Transcribe word for word the lines below from the line with "Lemma clsumn_delta n" through the line with "destruct (Nat.eqb_spec n i) as [->|Hne].", ends included.

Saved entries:

--------------------

Lemma clsumn_const n u : clsumn n (fun _ => u) = clscal (INR n) u.
Proof. induction n; [simpl; clring|]. rewrite clsumn_S, IHn, S_INR. clring. Qed.

Lemma clsumn_scal_sum n g u : clsumn n (fun i => clscal (g i) u) = clscal (rsum n g) u.
Proof. induction n; simpl; [clring|]. rewrite clsumn_S, IHn. clring. Qed.

Lemma clsumn_swap n m F :
  clsumn n (fun i => clsumn m (fun j => F i j)) = clsumn m (fun j => clsumn n (fun i => F i j)).
Proof.
  induction n; [symmetry; apply clsumn_zero|].
  rewrite clsumn_S, IHn, <- clsumn_add. reflexivity.
Qed.

Lemma clsumn_delta n i F :
  (i < n)%nat -> clsumn n (fun j => clscal (unitv i j) (F j)) = F i.
Proof.
  induction n; intros Hi; [lia|]. rewrite clsumn_S. unfold unitv at 2.
  destruct (Nat.eqb_spec n i) as [->|Hne].
  - rewrite (clsumn_ext _ _ (fun _ => clzero)), clsumn_zero; [clring|].
    intros j Hj. unfold unitv. destruct (Nat.eqb_spec j i); [lia|clring].
  - rewrite IHn by lia. clring.
Qed.

Definition clsuml {A} (l : list A) (F : A -> CL) : CL :=
  fold_right (fun a acc => cladd (F a) acc) clzero l.

Lemma clsuml_add {A} (l : list A) F G :
  clsuml l (fun a => cladd (F a) (G a)) = cladd (clsuml l F) (clsuml l G).
Proof. induction l; unfold clsuml in *; simpl; [|rewrite IHl]; clring. Qed.

Lemma clsuml_scal {A} (l : list A) r F :
  clsuml l (fun a => clscal r (F a)) = clscal r (clsuml l F).
Proof. induction l; unfold clsuml in *; simpl; [|rewrite IHl]; clring. Qed.

Lemma clsuml_ext {A} (l : list A) F G : (forall a, In a l -> F a = G a) -> clsuml l F = clsuml l G.
Proof. induction l; unfold clsuml in *; simpl; intros; auto. rewrite IHl, H; auto. Qed.

Lemma clsumn_clsuml {A} n (l : list A) F :
  clsumn n (fun i => clsuml l (F i)) = clsuml l (fun a => clsumn n (fun i => F i a)).
Proof.
  induction l; unfold clsuml in *; simpl; [apply clsumn_zero|].
  rewrite clsumn_add, IHl. reflexivity.
Qed.

Lemma clsuml_scal_sum {A} (l : list A) (g : A -> R) u :
  clsuml l (fun a => clscal (g a) u) = clscal (fold_right (fun a acc => g a + acc) 0 l) u.
Proof. induction l; unfold clsuml in *; simpl; [|rewrite IHl]; clring. Qed.

(** * Multiplication by generators and vectors *)

Lemma lxor_cancel a b : Nat.lxor (Nat.lxor a b) b = a.
Proof. rewrite Nat.lxor_assoc, Nat.lxor_nilpotent, Nat.lxor_0_r. reflexivity. Qed.

Lemma lxor_swap k a b : Nat.lxor (Nat.lxor k a) b = Nat.lxor (Nat.lxor k b) a.
Proof. rewrite !Nat.lxor_assoc, (Nat.lxor_comm a b). reflexivity. Qed.

Lemma lxor_lt_pow2 d a b : (a < 2^d)%nat -> (b < 2^d)%nat -> (Nat.lxor a b < 2^d)%nat.
Proof.
  intros Ha Hb.
  destruct (Nat.eq_dec a 0) as [->|Ha0]; [now rewrite Nat.lxor_0_l|].
  destruct (Nat.eq_dec b 0) as [->|Hb0]; [now rewrite Nat.lxor_0_r|].
  destruct (Nat.eq_dec (Nat.lxor a b) 0) as [->|E]; [apply Nat.neq_0_lt_0, Nat.pow_nonzero; lia|].
  apply Nat.log2_lt_pow2; [lia|].
  pose proof (Nat.log2_lxor a b).
  pose proof (Nat.log2_lt_pow2 a d ltac:(lia)). pose proof (Nat.log2_lt_pow2 b d ltac:(lia)).
  lia.
Qed.

Lemma pow2_lt d i : (i < d)%nat -> (2^i < 2^d)%nat.
Proof. intros. apply Nat.pow_lt_mono_r; lia. Qed.

Lemma testbit_lxor_pow2 b l j : Nat.testbit (Nat.lxor b (2^l)) j = xorb (Nat.testbit b j) (l =? j)%nat.
Proof. rewrite Nat.lxor_spec, Nat.pow2_bits_eqb. reflexivity. Qed.

Lemma nsum_ext n F G : (forall i, (i < n)%nat -> F i = G i) -> nsum n F = nsum n G.
Proof. induction n; simpl; intros; auto. rewrite IHn, H by auto. reflexivity. Qed.

Lemma nsum_single n m F :
  (m < n)%nat -> (forall i, (i < n)%nat -> i <> m -> F i = 0%nat) -> nsum n F = F m.
Proof.
  induction n; simpl; intros Hm HF; [lia|].
  destruct (Nat.eq_dec m n) as [->|Hne].
  - enough (nsum n F = 0%nat) by lia.
    clear IHn Hm. induction n; simpl; auto. rewrite IHn, HF; intros; try apply HF; lia.
  - rewrite IHn, (HF n) by (auto; lia). lia.
Qed.

Lemma nsum_change_one n l F G :
  (l < n)%nat -> (forall i, (i < n)%nat -> i <> l -> F i = G i) ->
  (nsum n F + G l = nsum n G + F l)%nat.
Proof.
  induction n; simpl; intros Hl HFG; [lia|].
  destruct (Nat.eq_dec l n) as [->|Hne].
  - rewrite (nsum_ext n F G) by (intros; apply HFG; lia). lia.
  - pose proof (IHn ltac:(lia) ltac:(intros; apply HFG; lia)). rewrite (HFG n) by lia. lia.
Qed.

(* The sign of [e_i e_B] splits into the number of bits of [B] below [i]
   (anticommuting [e_i] into place) and the bit [i] of [B] (from [e_i^2 = -1]). *)
Definition bits_below (d i b : nat) : nat :=
  nsum d (fun j => if (Nat.testbit b j && (j <? i))%bool then 1%nat else 0%nat).
Definition bitn (b i : nat) : nat := if Nat.testbit b i then 1%nat else 0%nat.

Lemma clsign_pow2 d i b :
  (i < d)%nat -> clsign d (2^i) b = (-1)^(bits_below d i b) * (-1)^(bitn b i).
Proof.
  intros Hi. unfold clsign. rewrite <- pow_add. f_equal. f_equal.
  - rewrite (nsum_single d i); auto.
    + rewrite Nat.pow2_bits_eqb, Nat.eqb_refl. reflexivity.
    + intros i0 Hi0 Hne. rewrite (nsum_ext _ _ (fun _ => 0%nat)); [clear; induction d; simpl; lia|].
      intros. rewrite Nat.pow2_bits_eqb. destruct (Nat.eqb_spec i i0); [lia|reflexivity].
  - rewrite (nsum_single d i); auto.
    + rewrite Nat.pow2_bits_eqb, Nat.eqb_refl. reflexivity.
    + intros. rewrite Nat.pow2_bits_eqb. destruct (Nat.eqb_spec i i0); [lia|reflexivity].
Qed.

Lemma bits_below_flip_above d i l b :
  (i <= l)%nat -> bits_below d i (Nat.lxor b (2^l)) = bits_below d i b.
Proof.
  intros. unfold bits_below. apply nsum_ext. intros j Hj. rewrite testbit_lxor_pow2.
  destruct (Nat.ltb_spec j i).
  - destruct (Nat.eqb_spec l j); [lia|]. rewrite xorb_false_r; reflexivity.
  - rewrite !andb_false_r. reflexivity.
Qed.

Lemma bits_below_flip_below d i l b : (l < i)%nat -> (l < d)%nat ->
  (-1)^(bits_below d i (Nat.lxor b (2^l))) = - (-1)^(bits_below d i b).
Proof.
  intros Hli Hld. unfold bits_below.
  pose proof (nsum_change_one d l
    (fun j => if (Nat.testbit (Nat.lxor b (2^l)) j && (j <? i))%bool then 1%nat else 0%nat)
    (fun j => if (Nat.testbit b j && (j <? i))%bool then 1%nat else 0%nat) Hld) as E.
  cbv beta in E. rewrite testbit_lxor_pow2, Nat.eqb_refl, (proj2 (Nat.ltb_lt l i) Hli) in E.
  specialize (E ltac:(intros j _ Hj; rewrite testbit_lxor_pow2;
                      destruct (Nat.eqb_spec l j); [lia|now rewrite xorb_false_r])).
  destruct (Nat.testbit b l); simpl in E;
    apply (f_equal (fun m => (-1)^m)) in E; rewrite !pow_add in E; simpl in E; lra.
Qed.

Lemma bitn_flip_other b l i : l <> i -> bitn (Nat.lxor b (2^l)) i = bitn b i.
Proof.
  intros. unfold bitn. rewrite testbit_lxor_pow2.
  destruct (Nat.eqb_spec l i); [lia|]. rewrite xorb_false_r; reflexivity.
Qed.

Lemma bitn_flip b i : (-1)^(bitn (Nat.lxor b (2^i)) i) = - (-1)^(bitn b i).
Proof. unfold bitn. rewrite testbit_lxor_pow2, Nat.eqb_refl. destruct (Nat.testbit b i); simpl; ring. Qed.

Lemma m1_pow_sq n : (-1)^n * (-1)^n = 1.
Proof. rewrite <- pow_add. replace (n + n)%nat with (2 * n)%nat by lia. apply pow_1_even. Qed.

Lemma sign_sq_cancel a b x : a * a = 1 -> b * b = 1 -> a * - b * (a * b * x) = -1 * x.
Proof.
  intros Ha Hb. transitivity (- ((a * a) * (b * b)) * x); [ring|]. rewrite Ha, Hb. ring.
Qed.

(* The coordinates [k >= 2^d] of a [CL] are junk; here they vanish. *)
Definition clifford (d : nat) (u : CL) : Prop := forall k, (2^d <= k)%nat -> u k = c0.

Definition emul (d i : nat) (u : CL) : CL := fun k =>
  if (k <? 2^d)%nat
  then cscal (clsign d (2^i) (Nat.lxor k (2^i))) (u (Nat.lxor k (2^i))) else c0.

Lemma clmul_egen d i u : (i < d)%nat -> clmul d (egen i) u = emul d i u.
Proof.
  intros Hi. apply functional_extensionality; intro k. unfold clmul.
  pose proof (pow2_lt d i Hi) as Hp.
  rewrite (csum_single (2^d) (2^i)); auto.
  2:{ intros a Ha Hne. apply csum_zero. intros b Hb. unfold egen.
      destruct (Nat.eqb_spec a (2^i)); [lia|].
      destruct (_ =? k)%nat; unfold cscal, cmul, c0; cc_ring. }
  unfold egen at 1. rewrite Nat.eqb_refl. unfold emul.
  destruct (Nat.ltb_spec k (2^d)).
  - rewrite (csum_single (2^d) (Nat.lxor k (2^i))).
    + rewrite (Nat.lxor_comm (2^i)%nat), lxor_cancel, Nat.eqb_refl.
      unfold cscal, cmul; cc_ring.
    + apply lxor_lt_pow2; auto.
    + intros b Hb Hne. destruct (Nat.eqb_spec (Nat.lxor (2^i) b) k) as [<-|]; auto.
      rewrite (Nat.lxor_comm (2^i)%nat b), lxor_cancel in Hne. easy.
  - apply csum_zero. intros b Hb. destruct (Nat.eqb_spec (Nat.lxor (2^i) b) k); auto.
    pose proof (lxor_lt_pow2 d (2^i) b Hp Hb). lia.
Qed.

Lemma emul_clifford d i u : clifford d (emul d i u).
Proof. intros k Hk. unfold emul. destruct (Nat.ltb_spec k (2^d)); [lia|reflexivity]. Qed.

Lemma emul_sq d i u : (i < d)%nat -> clifford d u -> emul d i (emul d i u) = clscal (-1) u.
Proof.
  intros Hi Hu. apply functional_extensionality; intro k. unfold emul, clscal.
  destruct (Nat.ltb_spec k (2^d)).
  - assert (Nat.lxor k (2^i) < 2^d)%nat by (apply lxor_lt_pow2; auto; apply pow2_lt; auto).
    destruct (Nat.ltb_spec (Nat.lxor k (2^i)) (2^d)); [|lia].
    rewrite lxor_cancel, !clsign_pow2, bits_below_flip_above, bitn_flip by auto.
    unfold cscal; apply Cc_eq; simpl; apply sign_sq_cancel; apply m1_pow_sq.
  - rewrite Hu by lia. unfold cscal, c0; cc_ring.
Qed.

--------------------

_RESULT FOR THIS TASK_
Lemma clsumn_delta n i F :
  (i < n)%nat -> clsumn n (fun j => clscal (unitv i j) (F j)) = F i.
Proof.
  induction n; intros Hi; [lia|]. rewrite clsumn_S. unfold unitv at 2.
  destruct (Nat.eqb_spec n i) as [->|Hne].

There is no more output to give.